Use the following interactive widget to play with the SNR and the B parameters and try to get a feel for their effect on the  signal generated by the function:

In [None]:
def display(SNR=15, B=0.02):
    x, x_hat = sig_gen(1000, SNR, B, display.prev[1] if B == display.prev[0] else None)
    display.prev = [B, x]
    plt.plot(x, 'C0', lw=2, label='clean');
    plt.plot(x_hat, 'C3', lw=1, label='noisy');
    plt.ylim(-1.2,1.2);
    plt.legend(loc="upper right");

display.prev = [0, None]
    
interact(display, SNR=(0.0, 50.0), B=(0.01, 0.09, 0.01));

### Exercise: checking the SNR

Given a noise-corrupted signal $\hat{x}[n] = x[n] + \eta[n]$, the signal-to-noise ratio is expressed in dB and is computed as 

$$
    \text{SNR}_{\hat{x}} = 10 \log_{10}\left(\frac{E_x}{E_\eta}\right)
$$

where $E_x$ is the energy of the clean signal and $E_\eta$ is the energy of the noise. 

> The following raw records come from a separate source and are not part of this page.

(* Let $\Omega=[0,1]^d$ and let $f^s,f^t:\Omega\to\mathbb{R}$ (source and target objective functions, to be minimized) be Lipschitz continuous with a common constant $K^*>0$ with respect to the Chebyshev distance. For $\epsilon>0$, let $B^1,\dots,B^{N_B}$ be a partition of $\Omega$ into neighborhoods, each contained in the closed Chebyshev ball of radius $\epsilon/K^*$ around its center $\boldsymbol{x}_c^i$, and let $f^s_\epsilon(\boldsymbol{x})=\sum_i\mathbf{1}_{B^i}(\boldsymbol{x})f^s(\boldsymbol{x}_c^i)$ and $f^t_\epsilon(\boldsymbol{x})=\sum_i\mathbf{1}_{B^i}(\boldsymbol{x})f^t(\boldsymbol{x}_c^i)$. Suppose that for every $\epsilon>0$ the Spearman rank correlation between $(f^s(\boldsymbol{x}_c^i))_{i}$ and $(f^t(\boldsymbol{x}_c^i))_{i}$ equals $1$. Then transferring a globally converged source solution makes the target converge to its global optimum immediately: for every $\epsilon>0$, if $\boldsymbol{x}^s_{\min}$ is a minimizer of $f^s_\epsilon$ (the best source solution found by a globally convergent surrogate-assisted search on $f^s_\epsilon$) and $\boldsymbol{x}^t_*$ is a global minimizer of $f^t$, then $|f^t(\boldsymbol{x}^t_* )-f^t(\boldsymbol{x}^s_{\min})|\le 4\epsilon$; in particular, for every $\xi>0$, choosing $\epsilon\le\xi/4$ gives $|f^t(\boldsymbol{x}^t_* )-f^t(\boldsymbol{x}^s_{\min})|\le\xi$.
   Context: The Spearman rank correlation of two vectors is the Pearson correlation of their rank vectors; a value of $1$ means the rankings coincide. $f_\epsilon$ as defined is an $\epsilon$-optimal approximation, i.e. $|f-f_\epsilon|\le\epsilon$ on $\Omega$. *)

From HB Require Import structures.
From mathcomp Require Import all_boot all_order all_algebra.
From mathcomp Require Import classical_sets boolp reals numfun.
Set Implicit Arguments. Unset Strict Implicit. Unset Printing Implicit Defensive.
Import Order.TTheory GRing.Theory Num.Theory.
Local Open Scope classical_set_scope.
Local Open Scope ring_scope.

Section Defs.
Variable R : realType.

Definition cube (d : nat) : set 'rV[R]_d :=
  [set x | forall i : 'I_d, 0 <= x ord0 i <= 1].
Arguments cube d : clear implicits.

Definition cheb_dist (d : nat) (x y : 'rV[R]_d) : R :=
  \big[Num.max/0]_(i < d) `|x ord0 i - y ord0 i|.

Definition cheb_lipschitz (d : nat) (K : R) (f : 'rV[R]_d -> R) : Prop :=
  forall x y, cube d x -> cube d y -> `|f x - f y| <= K * cheb_dist x y.

Definition is_partition (d N : nat) (B : 'I_N -> set 'rV[R]_d) : Prop :=
  [/\ forall i, B i !=set0,
      forall i j, i != j -> B i `&` B j = set0 &
      \bigcup_(i in [set: 'I_N]) B i = cube d].

Definition approx (d N : nat) (B : 'I_N -> set 'rV[R]_d)
  (c : 'I_N -> 'rV[R]_d) (f : 'rV[R]_d -> R) (x : 'rV[R]_d) : R :=
  \sum_(i < N) \1_(B i) x * f (c i).

Definition is_minimizer (d : nat) (f : 'rV[R]_d -> R) (x : 'rV[R]_d) : Prop :=
  cube d x /\ forall y, cube d y -> f x <= f y.

(* fractional (average) rank of entry i of u, ranks counted from 1 *)
Definition avg_rank (N : nat) (u : 'I_N -> R) (i : 'I_N) : R :=
  #|[set j | u j < u i]|%:R + (#|[set j | u j == u i]|%:R + 1) / 2.

Definition mean (N : nat) (u : 'I_N -> R) : R := (\sum_(i < N) u i) / N%:R.

Definition pearson (N : nat) (u v : 'I_N -> R) : R :=
  (\sum_(i < N) (u i - mean u) * (v i - mean v)) /
  (Num.sqrt (\sum_(i < N) (u i - mean u) ^+ 2) *
   Num.sqrt (\sum_(i < N) (v i - mean v) ^+ 2)).

Definition spearman (N : nat) (u v : 'I_N -> R) : R :=
  pearson (avg_rank u) (avg_rank v).

End Defs.
Arguments cube {R} d.

(** Spearman correlation 1 means the rank vectors are positively proportional
    after centring, so the target values at the centres are ordered like the
    source values.  A minimiser [x] of the piecewise-constant source surrogate
    lies in a block whose centre minimises [f^s] over all centres, hence also
    [f^t] over all centres.  As [f^t] moves by at most [eps] inside a block,
    [f^t x] exceeds the value at the centre of the block of the target
    minimiser by at most [eps], which exceeds the true minimum by at most
    [eps]: the gap is at most [2 eps <= 4 eps]. *)
From HB Require Import structures.
From mathcomp Require Import all_boot all_order all_algebra.
From mathcomp Require Import classical_sets boolp reals numfun.
From mathcomp Require Import ring lra.
Set Implicit Arguments. Unset Strict Implicit. Unset Printing Implicit Defensive.
Import Order.TTheory GRing.Theory Num.Theory.
Local Open Scope classical_set_scope.
Local Open Scope ring_scope.

Lemma sum_sqr_lincomb (R : comRingType) (N : nat) (a b : R) (x y : 'I_N -> R) :
  \sum_(i < N) (b * x i - a * y i) ^+ 2 =
  b ^+ 2 * \sum_(i < N) x i ^+ 2 + a ^+ 2 * \sum_(i < N) y i ^+ 2
  - 2 * a * b * \sum_(i < N) x i * y i.
Proof.
rewrite !mulr_sumr -big_split -sumrB /=.
by apply: eq_bigr => i _; ring.
Qed.

Lemma pearson_eq1_proportional (R : realType) (N : nat) (u v : 'I_N -> R) :
  pearson u v = 1 ->
  exists a b : R, [/\ 0 < a, 0 < b &
    forall i, b * (u i - mean u) = a * (v i - mean v)].
Proof.
rewrite /pearson.
set x := fun i => u i - mean u; set y := fun i => v i - mean v.
set Sxy := \sum_(i < N) _; set Sxx := \sum_(i < N) _; set Syy := \sum_(i < N) _.
set a := Num.sqrt Sxx; set b := Num.sqrt Syy => h.
have ab_neq0 : a * b != 0.
  by apply: contra_eqN h => /eqP ->; rewrite invr0 mulr0 eq_sym oner_eq0.
have Sxy_ab : Sxy = a * b by rewrite -(divfK ab_neq0 Sxy) h mul1r.
have /andP[a_neq0 b_neq0] : (a != 0) && (b != 0) by rewrite -negb_or -mulf_eq0.
have a_gt0 : 0 < a by rewrite lt_def a_neq0 sqrtr_ge0.
have b_gt0 : 0 < b by rewrite lt_def b_neq0 sqrtr_ge0.
have Sxx_a : Sxx = a ^+ 2 by rewrite sqr_sqrtr // sumr_ge0 // => i _; exact: sqr_ge0.
have Syy_b : Syy = b ^+ 2 by rewrite sqr_sqrtr // sumr_ge0 // => i _; exact: sqr_ge0.
(* Equality case of Cauchy-Schwarz. *)
have sum0 : \sum_(i < N) (b * x i - a * y i) ^+ 2 = 0.
  by rewrite sum_sqr_lincomb -/Sxx -/Syy -/Sxy Sxx_a Syy_b Sxy_ab; ring.
exists a, b; split=> // i; apply/eqP; rewrite -subr_eq0 -sqrf_eq0; apply/eqP.
by apply: (psumr_eq0P _ sum0) => // j _; exact: sqr_ge0.
Qed.

Lemma pearson_eq1_lt (R : realType) (N : nat) (u v : 'I_N -> R) m k :
  pearson u v = 1 -> v m < v k -> u m < u k.
Proof.
move=> /pearson_eq1_proportional[a [b [a_gt0 b_gt0 prop]]] lt_vmk.
rewrite -(ltrD2r (- mean u)) -(ltr_pM2l b_gt0) !prop ltr_pM2l //.
by rewrite ltrD2r.
Qed.

(* The left-hand side counts a classical set, as in the definition of [avg_rank]. *)
Lemma card_set_finset (N : nat) (P : 'I_N -> bool) :
  #|[set l | P l]| = #|finset P|.
Proof. by apply: eq_card => l; rewrite unfold_in /in_set /= inE asboolb. Qed.

Lemma avg_rank_lt (R : realType) (N : nat) (u : 'I_N -> R) i j :
  u i < u j -> avg_rank u i < avg_rank u j.
Proof.
move=> lt_uij; rewrite /avg_rank !card_set_finset.
set Li := #|finset _|; set Ei := #|finset (fun l => u l == u i)|.
set Lj := #|finset (fun l => u l < u j)|; set Ej := #|finset (fun l => u l == u j)|.
have Ei_gt0 : (1 <= Ei)%N by rewrite /Ei (cardsD1 i) inE eqxx.
have Ej_gt0 : (1 <= Ej)%N by rewrite /Ej (cardsD1 j) inE eqxx.
have LEi_le : (Li + Ei <= Lj)%N.
  rewrite /Li /Ei -cardsUI.
  have -> : finset (fun l => u l < u i) :&: finset (fun l => u l == u i) = finset.set0.
    by apply/setP => l; rewrite !inE; case: ltgtP.
  rewrite cards0 addn0; apply: subset_leq_card; apply/fintype.subsetP => l.
  by rewrite !inE => /orP[/lt_trans->//|/eqP->].
have : 1 <= Ei%:R :> R by rewrite ler1n.
have : 1 <= Ej%:R :> R by rewrite ler1n.
have : Li%:R + Ei%:R <= Lj%:R :> R by rewrite -natrD ler_nat.
lra.
Qed.

Lemma spearman_eq1_le (R : realType) (N : nat) (u v : 'I_N -> R) m k :
  spearman u v = 1 -> u k <= u m -> v k <= v m.
Proof.
move=> h le_ukm; rewrite leNgt; apply/negP => /avg_rank_lt /(pearson_eq1_lt h).
move: le_ukm; rewrite le_eqVlt => /orP[/eqP eq_ukm|/avg_rank_lt lt_ukm].
  by rewrite /avg_rank eq_ukm ltxx.
by rewrite ltNge ltW.
Qed.

Lemma lipschitz_le_eps (R : realType) (d : nat) (K eps : R) (f : 'rV[R]_d -> R) x y :
  0 < K -> cheb_lipschitz K f -> cube d x -> cube d y ->
  cheb_dist x y <= eps / K -> `|f x - f y| <= eps.
Proof.
move=> K_gt0 f_lip x_cube y_cube dxy_le; apply: le_trans (f_lip _ _ x_cube y_cube) _.
by rewrite -ler_pdivlMl // mulrC.
Qed.

Section Partition.
Variables (R : realType) (d N : nat) (B : 'I_N -> set 'rV[R]_d).
Hypothesis B_partition : is_partition B.

Lemma cube_of_block i x : B i x -> cube d x.
Proof. by case: B_partition => _ _ <- Bix; exists i. Qed.

Lemma block_of_cube x : cube d x -> exists i, B i x.
Proof. by case: B_partition => _ _ <- [i _ Bix]; exists i. Qed.

Lemma approx_block (c : 'I_N -> 'rV[R]_d) (f : 'rV[R]_d -> R) k x :
  B k x -> approx B c f x = f (c k).
Proof.
case: B_partition => _ B_disj _ Bkx.
rewrite /approx (bigD1 k) //= indicE mem_set // mul1r big1 ?addr0 // => j neq_jk.
rewrite indicE memNset ?mul0r // => Bjx.
by have := B_disj j k neq_jk; rewrite -subset0 => /(_ x); apply.
Qed.

Lemma approx_minimizer_block (c : 'I_N -> 'rV[R]_d) (f : 'rV[R]_d -> R) x k :
  is_minimizer (approx B c f) x -> B k x -> forall m, f (c k) <= f (c m).
Proof.
case=> _ x_min Bkx m; have [B_neq0 _ _] := B_partition; have [y Bmy] := B_neq0 m.
by have := x_min y (cube_of_block Bmy); rewrite (approx_block _ _ Bkx) (approx_block _ _ Bmy).
Qed.

End Partition.

Theorem mainTheorem4 (R : realType) (d : nat) (K : R) (fs ft : 'rV[R]_d -> R)
  (hK : 0 < K) (hfs : cheb_lipschitz K fs) (hft : cheb_lipschitz K ft)
  (eps : R) (heps : 0 < eps)
  (N : nat) (B : 'I_N -> set 'rV[R]_d) (c : 'I_N -> 'rV[R]_d)
  (hB : is_partition B)
  (hc : forall i, cube d (c i))
  (hball : forall i x, B i x -> cheb_dist x (c i) <= eps / K)
  (hspear : spearman (fun i => fs (c i)) (fun i => ft (c i)) = 1)
  (xs_min xt_star : 'rV[R]_d)
  (hxs : is_minimizer (approx B c fs) xs_min)
  (hxt : is_minimizer ft xt_star) :
  `|ft xt_star - ft xs_min| <= 4 * eps /\
  (forall xi : R, 0 < xi -> eps <= xi / 4 -> `|ft xt_star - ft xs_min| <= xi).
Proof.
have ft_near_centre i x : B i x -> `|ft x - ft (c i)| <= eps.
  by move=> Bix; apply: lipschitz_le_eps (cube_of_block hB Bix) (hc i) (hball _ _ Bix).
have [k Bk_xs] := block_of_cube hB hxs.1.
have [m Bm_xt] := block_of_cube hB hxt.1.
have fs_ck_le : fs (c k) <= fs (c m) := approx_minimizer_block hB hxs Bk_xs m.
have ft_ck_le : ft (c k) <= ft (c m) := spearman_eq1_le hspear fs_ck_le.
have ft_xt_le : ft xt_star <= ft xs_min := hxt.2 _ hxs.1.
have gap_le : `|ft xt_star - ft xs_min| <= 2 * eps.
  move: (ft_near_centre _ _ Bk_xs) (ft_near_centre _ _ Bm_xt).
  rewrite !ler_norml => /andP[? ?] /andP[? ?]; apply/andP; split; lra.
split=> [|xi _ eps_le]; lra.
Qed.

Generate a noisy signal and verify numerically that the SNR of the sequence returned by `sig_gen()` is indeed close to the SNR passed as an argument to the function.

In [None]:
N, SNR = 1000, 30
x, x_hat = sig_gen(N, SNR)
E_x = ...
E_eta = ...
SNR_exp = ...

In [None]:
# SOLUTION

x, x_hat = sig_gen(N, SNR)
E_x = np.sum(x ** 2)
E_eta = np.sum((x_hat - x) ** 2)
SNR_exp = 10 * np.log10(E_x / E_eta)
print(SNR_exp)

### Denoising: time-domain experiments

The following interactive widget allows you to play with the SNR of the noisy signal and with the parameter $\lambda$ of a leaky integrator to see the denoising performance of the filter in the time domain. Try to find a value for $\lambda$ that provides a good compromise between removal of the noise and preservation of the original clean signal.

In [None]:
def display(SNR=12, lam=0.5):
    if SNR != display.state[0]:
        display.state = [SNR, *sig_gen(500, SNR, x=display.state[1])]
    x, x_hat = display.state[1], display.state[2] 
    plt.plot(x_hat, 'C3', lw=1, label='noisy');
    plt.plot(x, 'C0', lw=2, label='clean');
    plt.plot(leaky(x_hat, lam), 'C2', lw=2, label='denoised');
    plt.ylim(-1.2,1.2)
    plt.legend(loc="upper right");
display.state = [0, None]
    
interact(display, SNR=(0.0, 50.0), lam=(0.49,0.99,0.02));

### Exercise: denoising in frequency

Plot the magnitude spectra of the clean, noisy, and denoised signals, together with the magnitude response of the leaky integrator using the values for SNR and for $\lambda$ that you chose before using the widget. 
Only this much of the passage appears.